[Stored items]
Lemma constraint_reduced t : Sm t ^ 2 + 3 / 4 * W t ^ 2 = X t * (2 - X t).
Proof. pose proof (constraint t) as C. rewrite N1_zero in C. unfold X, W. lra. Qed.

Lemma WH_q_reduced t : WH_q (Sp t) (Sm t) = 2 - 3 / 2 * W t ^ 2.
Proof. pose proof (constraint_reduced t). unfold WH_q, X in *. lra. Qed.

Lemma ex_derive_N2 t : ex_derive N2 t.
Proof. destruct (solution t) as (_ & D & _). exact (ex_intro _ _ D). Qed.
Lemma ex_derive_N3 t : ex_derive N3 t.
Proof. destruct (solution t) as (_ & _ & D & _). exact (ex_intro _ _ D). Qed.
Lemma ex_derive_Sp t : ex_derive Sp t.
Proof. destruct (solution t) as (_ & _ & _ & D & _). exact (ex_intro _ _ D). Qed.
Lemma ex_derive_Sm t : ex_derive Sm t.
Proof. destruct (solution t) as (_ & _ & _ & _ & D). exact (ex_intro _ _ D). Qed.

(* Stated for the eta-expanded functions, which is the form [auto_derive] leaves. *)
Lemma Derive_N2 t :
  Derive (fun s => N2 s) t = (2 * X t - 3 / 2 * W t ^ 2 + 2 * sqrt 3 * Sm t) * N2 t.
Proof.
  destruct (solution t) as (_ & D & _).
  rewrite (is_derive_unique (fun s : R => _ s) _ _ D), WH_q_reduced.
  unfold X. ring.
Qed.

Lemma Derive_N3 t :
  Derive (fun s => N3 s) t = (2 * X t - 3 / 2 * W t ^ 2 - 2 * sqrt 3 * Sm t) * N3 t.
Proof.
  destruct (solution t) as (_ & _ & D & _).
  rewrite (is_derive_unique (fun s : R => _ s) _ _ D), WH_q_reduced.
  unfold X. ring.
Qed.

Lemma Derive_Sp t : Derive (fun s => Sp s) t = - (3 / 2 * W t ^ 2 * X t).
Proof.
  destruct (solution t) as (_ & _ & _ & D & _).
  rewrite (is_derive_unique (fun s : R => _ s) _ _ D), WH_q_reduced.
  unfold WH_Splus, X, W. rewrite N1_zero. field.
Qed.

Lemma Derive_Sm t :
  Derive (fun s => Sm s) t =
    - (3 / 2 * W t ^ 2 * Sm t) - 3 * sqrt 3 / 2 * W t * (N2 t + N3 t).
Proof.
  destruct (solution t) as (_ & _ & _ & _ & D).
  rewrite (is_derive_unique (fun s : R => _ s) _ _ D), WH_q_reduced.
  unfold WH_Sminus, W. rewrite N1_zero. field.
Qed.

Ltac derive_reduced :=
  auto_derive;
  [ repeat split; try exact I;
    auto using ex_derive_N2, ex_derive_N3, ex_derive_Sp, ex_derive_Sm
  | rewrite ?Derive_N2, ?Derive_N3, ?Derive_Sp, ?Derive_Sm ].

Lemma is_derive_X t : is_derive X t (- (3 / 2 * W t ^ 2 * X t)).
Proof. unfold X. derive_reduced. unfold X. ring. Qed.

Definition Phi t := ln (N2N3 t) - Y t / sqrt 3.
Definition dPhi t := 2 * X t ^ 2 + 2 * Y t ^ 2 + sqrt 3 / 2 * W t ^ 2 * Y t.
Definition Omega t := (1 + Y t / (2 * sqrt 3)) / X t.
Definition L t := ln (N2N3 t) - 2 * ln (X t).

Lemma is_derive_Phi t : is_derive Phi t (dPhi t).
Proof.
  pose proof (N2_pos t). pose proof (N3_pos t). pose proof sqrt3_pos.
  pose proof (constraint_reduced t) as C.
  unfold Phi, dPhi, N2N3, Y, W. derive_reduced.
  - apply Rmult_lt_0_compat; lra.
  - lra.
  - (* the identity holds only modulo the constraint, inserted as a vanishing term *)
    rewrite sqrt3_half.
    replace (2 * X t ^ 2) with (2 * X t ^ 2 - 2 * (Sm t ^ 2 + 3 / 4 * W t ^ 2 - X t * (2 - X t)))
      by (rewrite C; ring).
    unfold W. field. lra.
Qed.

Lemma is_derive_Omega t : 0 < X t -> is_derive Omega t (2 - X t - Y t ^ 2 / X t).
Proof.
  intro Hx. pose proof (N2_pos t). pose proof (N3_pos t). pose proof sqrt3_pos.
  pose proof (constraint_reduced t) as C.
  unfold Omega, Y, W. unfold X at 1. derive_reduced.
  - lra.
  - unfold X in Hx. lra.
  - replace (2 - X t) with (2 - X t + (Sm t ^ 2 + 3 / 4 * W t ^ 2 - X t * (2 - X t)) / X t)
      by (rewrite C; field; lra).
    unfold W, X in *. field. repeat split; lra.
Qed.

Lemma is_derive_L t : 0 < X t -> is_derive L t (4 * X t).
Proof.
  intro Hx. pose proof (N2_pos t). pose proof (N3_pos t).
  unfold L, N2N3. unfold X at 1. derive_reduced.
  - apply Rmult_lt_0_compat; lra.
  - unfold X in *. field. repeat split; lra.
Qed.

Lemma X_bounds t : 0 <= X t <= 2.
Proof.
  pose proof (constraint_reduced t). pose proof (pow2_ge_0 (Sm t)). pose proof (pow2_ge_0 (W t)).
  nra.
Qed.

Lemma Sm_sqr_le t : Sm t ^ 2 <= X t * (2 - X t).
Proof. pose proof (constraint_reduced t). pose proof (pow2_ge_0 (W t)). lra. Qed.

Lemma W_sqr_le t : W t ^ 2 <= 8 / 3 * X t.
Proof.
  pose proof (constraint_reduced t). pose proof (X_bounds t). pose proof (pow2_ge_0 (Sm t)).
  nra.
Qed.

Lemma Sm_W_sqr_le t : Sm t ^ 2 * W t ^ 2 <= 4 / 3 * X t ^ 2.
Proof.
  pose proof (constraint_reduced t) as C. pose proof (X_bounds t).
  (* AM-GM on [Sm^2] and [3/4 W^2], whose sum is [X (2 - X) <= 2 X] *)
  assert (Sm t ^ 2 * (3 / 4 * W t ^ 2) <= (X t * (2 - X t) / 2) ^ 2).
  { rewrite <- C. pose proof (pow2_ge_0 (Sm t ^ 2 - 3 / 4 * W t ^ 2)). nra. }
  assert (X t * (2 - X t) / 2 <= X t) by nra.
  assert (0 <= X t * (2 - X t) / 2) by nra.
  nra.
Qed.

Lemma Y_sqr_eq t : Y t ^ 2 = Sm t ^ 2 * W t ^ 2 / (N2 t + N3 t) ^ 2.
Proof. pose proof (N2_pos t). pose proof (N3_pos t). unfold Y. field. lra. Qed.

Lemma Y_sqr_le_Sm_sqr t : Y t ^ 2 <= Sm t ^ 2.
Proof.
  pose proof (N2_pos t). pose proof (N3_pos t).
  rewrite Y_sqr_eq. apply Rle_div_l; [apply pow_lt; lra|].
  apply Rmult_le_compat_l; [apply pow2_ge_0|]. unfold W. nra.
Qed.

Lemma Y_sqr_le t : Y t ^ 2 <= X t ^ 2 / (3 * N2N3 t).
Proof.
  pose proof (N2_pos t). pose proof (N3_pos t). pose proof (N2N3_pos t).
  pose proof (Sm_W_sqr_le t).
  assert (Hs : 4 * N2N3 t <= (N2 t + N3 t) ^ 2)
    by (unfold N2N3; pose proof (pow2_ge_0 (N2 t - N3 t)); nra).
  assert (Hc : 0 <= X t ^ 2 / (3 * N2N3 t)).
  { apply Rmult_le_pos; [apply pow2_ge_0 | apply Rlt_le, Rinv_0_lt_compat; lra]. }
  assert (X t ^ 2 / (3 * N2N3 t) * (4 * N2N3 t) = 4 / 3 * X t ^ 2) by (field; lra).
  assert (X t ^ 2 / (3 * N2N3 t) * (4 * N2N3 t) <= X t ^ 2 / (3 * N2N3 t) * (N2 t + N3 t) ^ 2)
    by (apply Rmult_le_compat_l; assumption).
  rewrite Y_sqr_eq. apply Rle_div_l; [apply pow_lt|]; lra.
Qed.

Lemma dPhi_bounds t : 0 <= dPhi t <= 14 / 3 * X t ^ 2 + 5 / 2 * Y t ^ 2.
Proof.
  pose proof (W_sqr_le t). pose proof (X_bounds t). pose proof (pow2_ge_0 (W t)).
  set (b := sqrt 3 / 2 * W t ^ 2).
  assert (Hb : b ^ 2 <= 16 / 3 * X t ^ 2).
  { replace (b ^ 2) with (3 / 4 * (W t ^ 2) ^ 2)
      by (unfold b; rewrite <- sqrt3_sqr at 1; field).
    nra. }
  unfold dPhi. fold b.
  pose proof (pow2_ge_0 (b + 4 * Y t)). pose proof (pow2_ge_0 (b - Y t)).
  split; nra.
Qed.

Lemma X_nonincreasing u v : u <= v -> X v <= X u.
Proof.
  intro Huv. enough (- X u <= - X v) by lra.
  apply (nondecreasing_of_derive_nonneg (fun s => - X s)
           (fun s => - - (3 / 2 * W s ^ 2 * X s)) u); try lra.
  - intros s _. exact (is_derive_opp X s _ (is_derive_X s)).
  - intros s _. pose proof (X_bounds s). pose proof (pow2_ge_0 (W s)). nra.
Qed.

Lemma X_pos_of_pos t0 t : 0 < X t0 -> t0 <= t -> 0 < X t.
Proof.
  intros H0 Ht.
  (* [X' >= -8 X], so [X e^{8t}] is nondecreasing *)
  assert (X t0 * exp (8 * t0) <= X t * exp (8 * t)).
  { apply (nondecreasing_of_derive_nonneg (fun s => X s * exp (8 * s))
             (fun s => (8 - 3 / 2 * W s ^ 2) * X s * exp (8 * s)) t0); try lra.
    - intros s _. auto_derive.
      + exact (ex_intro _ _ (is_derive_X s)).
      + rewrite (is_derive_unique (fun s : R => X s) _ _ (is_derive_X s)). ring.
    - intros s _. pose proof (X_bounds s). pose proof (W_sqr_le s). pose proof (exp_pos (8 * s)).
      apply Rmult_le_pos; [apply Rmult_le_pos|]; lra. }
  pose proof (exp_pos (8 * t0)). pose proof (exp_pos (8 * t)).
  assert (0 < X t * exp (8 * t)) by nra.
  nra.
Qed.

Lemma Phi_nondecreasing u v : u <= v -> Phi u <= Phi v.
Proof.
  intro Huv. apply (nondecreasing_of_derive_nonneg Phi dPhi u); try lra.
  - intros s _. apply is_derive_Phi.
  - intros s _. apply dPhi_bounds.
Qed.

Lemma ln_N2N3_eq t : ln (N2N3 t) = Phi t + Y t / sqrt 3.
Proof. unfold Phi. ring. Qed.

Lemma Y_div_sqrt3_bounds t : -1 <= Y t / sqrt 3 <= 1.
Proof.
  pose proof (Y_sqr_le_Sm_sqr t). pose proof (Sm_sqr_le t). pose proof sqrt3_pos.
  assert (Hy : Y t ^ 2 <= 1) by (pose proof (pow2_ge_0 (X t - 1)); nra).
  assert (E : (Y t / sqrt 3) ^ 2 = Y t ^ 2 / 3) by (rewrite <- sqrt3_sqr at 2; field; lra).
  assert ((Y t / sqrt 3) ^ 2 <= 1) by (rewrite E; lra).
  split; nra.
Qed.

Lemma N2N3_ge_exp_Phi t0 t : t0 <= t -> exp (Phi t0 - 1) <= N2N3 t.
Proof.
  intro Ht. rewrite <- (exp_ln (N2N3 t)) by apply N2N3_pos.
  apply exp_le_compat. rewrite ln_N2N3_eq.
  pose proof (Phi_nondecreasing t0 t Ht). pose proof (Y_div_sqrt3_bounds t). lra.
Qed.

Lemma Y_div_X_sqr_le t : 0 < X t -> (Y t / X t) ^ 2 <= / (3 * N2N3 t).
Proof.
  intro Hx. pose proof (Y_sqr_le t). pose proof (N2N3_pos t).
  replace ((Y t / X t) ^ 2) with (Y t ^ 2 / X t ^ 2) by (field; lra).
  apply Rle_div_l; [nra|].
  replace (/ (3 * N2N3 t) * X t ^ 2) with (X t ^ 2 / (3 * N2N3 t)) by (field; lra). assumption.
Qed.

Lemma dOmega_ge kap t :
  0 < X t -> X t / (3 * N2N3 t) <= kap -> 2 - X t - kap <= 2 - X t - Y t ^ 2 / X t.
Proof.
  intros Hx Hk. pose proof (Y_div_X_sqr_le t Hx). pose proof (N2N3_pos t).
  replace (Y t ^ 2 / X t) with (X t * (Y t / X t) ^ 2) by (field; lra).
  replace (X t / (3 * N2N3 t)) with (X t * / (3 * N2N3 t)) in Hk by reflexivity.
  enough (X t * (Y t / X t) ^ 2 <= X t * / (3 * N2N3 t)) by lra.
  apply Rmult_le_compat_l; lra.
Qed.

Lemma Omega_le nmin t :
  0 < nmin -> 0 < X t -> nmin <= N2N3 t -> Omega t <= / X t + (/ (36 * nmin) + 1).
Proof.
  intros Hm Hx Hn. pose proof (Y_div_X_sqr_le t Hx). pose proof (N2N3_pos t). pose proof sqrt3_pos.
  set (z := Y t / X t / (2 * sqrt 3)).
  assert (HO : Omega t = / X t + z) by (unfold Omega, z; field; lra).
  assert (Hz : z ^ 2 = (Y t / X t) ^ 2 / 12).
  { unfold z. replace 12 with (4 * (sqrt 3 * sqrt 3)) by (rewrite sqrt3_sqr; ring). field. lra. }
  assert (/ (3 * N2N3 t) <= / (3 * nmin)) by (apply Rinv_le_contravar; lra).
  assert (/ (3 * nmin) / 12 = / (36 * nmin)) by (field; lra).
  pose proof (pow2_ge_0 (z - 1 / 2)).
  nra.
Qed.

Variable t0 : R.
Hypothesis nondegenerate_at_t0 : Sm t0 ^ 2 + (N2 t0 - N3 t0) ^ 2 > 0.

Lemma X_t0_bounds : 0 < X t0 < 2.
Proof.
  pose proof (constraint_reduced t0). pose proof (X_bounds t0).
  pose proof (pow2_ge_0 (Sm t0)). pose proof (pow2_ge_0 (W t0)).
  assert (0 < X t0 * (2 - X t0)) by (unfold W in *; nra).
  nra.
Qed.

Lemma X_pos t : t0 <= t -> 0 < X t.
Proof. apply X_pos_of_pos, X_t0_bounds. Qed.

Let N2N3_min := exp (Phi t0 - 1).

Lemma N2N3_min_pos : 0 < N2N3_min.
Proof. apply exp_pos. Qed.

Lemma N2N3_ge_min t : t0 <= t -> N2N3_min <= N2N3 t.
Proof. apply N2N3_ge_exp_Phi. Qed.

Lemma N2N3_ge_of_L_ge t M : 0 < X t -> M <= L t -> X t ^ 2 * exp M <= N2N3 t.
Proof.
  intros Hx HM.
  rewrite <- (exp_ln (N2N3 t)) by apply N2N3_pos.
  replace (ln (N2N3 t)) with (L t + (ln (X t) + ln (X t))) by (unfold L; ring).
  rewrite !exp_plus, exp_ln by exact Hx.
  pose proof (exp_le_compat _ _ HM). nra.
Qed.

Lemma X_div_N2N3_eventually_le kap :
  0 < kap -> exists T, t0 <= T /\ forall t, T <= t -> X t / (3 * N2N3 t) <= kap.
Proof.
  intro Hk. pose proof N2N3_min_pos as Hmin.
  destruct (classic (exists T, t0 <= T /\ X T <= 3 * N2N3_min * kap)) as [[T [HT HXT]] | Hno].
  - exists T. split; [exact HT|]. intros t Ht.
    pose proof (X_nonincreasing T t Ht). pose proof (N2N3_ge_min t ltac:(lra)).
    pose proof (N2N3_pos t).
    apply Rle_div_l; nra.
  - (* otherwise [X > eps] for ever, so [L = ln (N2 N3 / X^2)] grows linearly *)
    set (eps := 3 * N2N3_min * kap).
    assert (Heps : 0 < eps) by (unfold eps; nra).
    assert (Hgt : forall t, t0 <= t -> eps < X t).
    { intros t Ht. apply Rnot_le_lt. intro. apply Hno. eauto. }
    assert (HL : forall t, t0 <= t -> L t0 + 4 * eps * (t - t0) <= L t).
    { apply (affine_le_of_derive_ge L (fun s => 4 * X s)).
      - intros s Hs. apply is_derive_L, X_pos, Hs.
      - intros s Hs. pose proof (Hgt s Hs). lra. }
    set (M := ln (/ (eps * kap))).
    assert (HeM : exp M = / (eps * kap)) by (apply exp_ln, Rinv_0_lt_compat; nra).
    exists (t0 + Rabs (M - L t0) / (4 * eps)).
    assert (0 <= Rabs (M - L t0) / (4 * eps))
      by (apply Rmult_le_pos; [apply Rabs_pos | apply Rlt_le, Rinv_0_lt_compat; lra]).
    split; [lra|]. intros t Ht.
    assert (HMt : M <= L t).
    { pose proof (HL t ltac:(lra)). pose proof (Rle_abs (M - L t0)).
      assert (4 * eps * (Rabs (M - L t0) / (4 * eps)) = Rabs (M - L t0)) by (field; lra).
      nra. }
    pose proof (Hgt t ltac:(lra)). pose proof (N2N3_pos t).
    pose proof (N2N3_ge_of_L_ge t M ltac:(lra) HMt) as HN. rewrite HeM in HN.
    assert (X t ^ 2 <= N2N3 t * (eps * kap)).
    { replace (X t ^ 2) with (X t ^ 2 * / (eps * kap) * (eps * kap)) by (field; nra).
      apply Rmult_le_compat_r; nra. }
    apply Rle_div_l; nra.
Qed.

Lemma X_le_inv_affine :
  exists T kap, t0 <= T /\ 0 < kap /\ forall t, T <= t -> X t <= / (1 + kap * (t - T)).
Proof.
  pose proof X_t0_bounds as Hx0.
  set (kap := (2 - X t0) / 2).
  assert (Hk : 0 < kap) by (unfold kap; lra).
  destruct (X_div_N2N3_eventually_le kap Hk) as [T [HT HTk]].
  (* [Omega] grows at least linearly, while [Omega <= 1 / X + c] *)
  assert (HOm : forall t, T <= t -> Omega T + kap * (t - T) <= Omega t).
  { apply (affine_le_of_derive_ge Omega (fun s => 2 - X s - Y s ^ 2 / X s)).
    - intros s Hs. apply is_derive_Omega, X_pos. lra.
    - intros s Hs. pose proof (dOmega_ge kap s (X_pos s ltac:(lra)) (HTk s Hs)).
      pose proof (X_nonincreasing t0 s ltac:(lra)). unfold kap in *. lra. }
  pose proof N2N3_min_pos as Hmin.
  set (c := / (36 * N2N3_min) + 1).
  set (T2 := T + Rabs (c - Omega T + 1) / kap).
  assert (HT2 : kap * (T2 - T) = Rabs (c - Omega T + 1)) by (unfold T2; field; lra).
  assert (HTT2 : T <= T2).
  { unfold T2. assert (0 <= Rabs (c - Omega T + 1) / kap)
      by (apply Rdiv_le_0_compat; [apply Rabs_pos | lra]).
    lra. }
  pose proof (Rle_abs (c - Omega T + 1)).
  exists T2, kap. split; [lra|]. split; [exact Hk|]. intros t Ht.
  pose proof (HOm t ltac:(lra)).
  pose proof (X_pos t ltac:(lra)).
  pose proof (Omega_le N2N3_min t Hmin ltac:(lra) (N2N3_ge_min t ltac:(lra))) as HOmle.
  fold c in HOmle.
  rewrite <- (Rinv_inv (X t)). apply Rinv_le_contravar; nra.
Qed.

PROBLEM TO SOLVE:
The answer is the run of lines above from the line containing "assert (Hc : 0 <= X t ^ 2 / (3 * N2N3 t))." through the line containing "Proof. unfold Phi. ring. Qed.", copied exactly and alone.

RESULT OF THIS TASK:
  assert (Hc : 0 <= X t ^ 2 / (3 * N2N3 t)).
  { apply Rmult_le_pos; [apply pow2_ge_0 | apply Rlt_le, Rinv_0_lt_compat; lra]. }
  assert (X t ^ 2 / (3 * N2N3 t) * (4 * N2N3 t) = 4 / 3 * X t ^ 2) by (field; lra).
  assert (X t ^ 2 / (3 * N2N3 t) * (4 * N2N3 t) <= X t ^ 2 / (3 * N2N3 t) * (N2 t + N3 t) ^ 2)
    by (apply Rmult_le_compat_l; assumption).
  rewrite Y_sqr_eq. apply Rle_div_l; [apply pow_lt|]; lra.
Qed.

Lemma dPhi_bounds t : 0 <= dPhi t <= 14 / 3 * X t ^ 2 + 5 / 2 * Y t ^ 2.
Proof.
  pose proof (W_sqr_le t). pose proof (X_bounds t). pose proof (pow2_ge_0 (W t)).
  set (b := sqrt 3 / 2 * W t ^ 2).
  assert (Hb : b ^ 2 <= 16 / 3 * X t ^ 2).
  { replace (b ^ 2) with (3 / 4 * (W t ^ 2) ^ 2)
      by (unfold b; rewrite <- sqrt3_sqr at 1; field).
    nra. }
  unfold dPhi. fold b.
  pose proof (pow2_ge_0 (b + 4 * Y t)). pose proof (pow2_ge_0 (b - Y t)).
  split; nra.
Qed.

Lemma X_nonincreasing u v : u <= v -> X v <= X u.
Proof.
  intro Huv. enough (- X u <= - X v) by lra.
  apply (nondecreasing_of_derive_nonneg (fun s => - X s)
           (fun s => - - (3 / 2 * W s ^ 2 * X s)) u); try lra.
  - intros s _. exact (is_derive_opp X s _ (is_derive_X s)).
  - intros s _. pose proof (X_bounds s). pose proof (pow2_ge_0 (W s)). nra.
Qed.

Lemma X_pos_of_pos t0 t : 0 < X t0 -> t0 <= t -> 0 < X t.
Proof.
  intros H0 Ht.
  (* [X' >= -8 X], so [X e^{8t}] is nondecreasing *)
  assert (X t0 * exp (8 * t0) <= X t * exp (8 * t)).
  { apply (nondecreasing_of_derive_nonneg (fun s => X s * exp (8 * s))
             (fun s => (8 - 3 / 2 * W s ^ 2) * X s * exp (8 * s)) t0); try lra.
    - intros s _. auto_derive.
      + exact (ex_intro _ _ (is_derive_X s)).
      + rewrite (is_derive_unique (fun s : R => X s) _ _ (is_derive_X s)). ring.
    - intros s _. pose proof (X_bounds s). pose proof (W_sqr_le s). pose proof (exp_pos (8 * s)).
      apply Rmult_le_pos; [apply Rmult_le_pos|]; lra. }
  pose proof (exp_pos (8 * t0)). pose proof (exp_pos (8 * t)).
  assert (0 < X t * exp (8 * t)) by nra.
  nra.
Qed.

Lemma Phi_nondecreasing u v : u <= v -> Phi u <= Phi v.
Proof.
  intro Huv. apply (nondecreasing_of_derive_nonneg Phi dPhi u); try lra.
  - intros s _. apply is_derive_Phi.
  - intros s _. apply dPhi_bounds.
Qed.

Lemma ln_N2N3_eq t : ln (N2N3 t) = Phi t + Y t / sqrt 3.
Proof. unfold Phi. ring. Qed.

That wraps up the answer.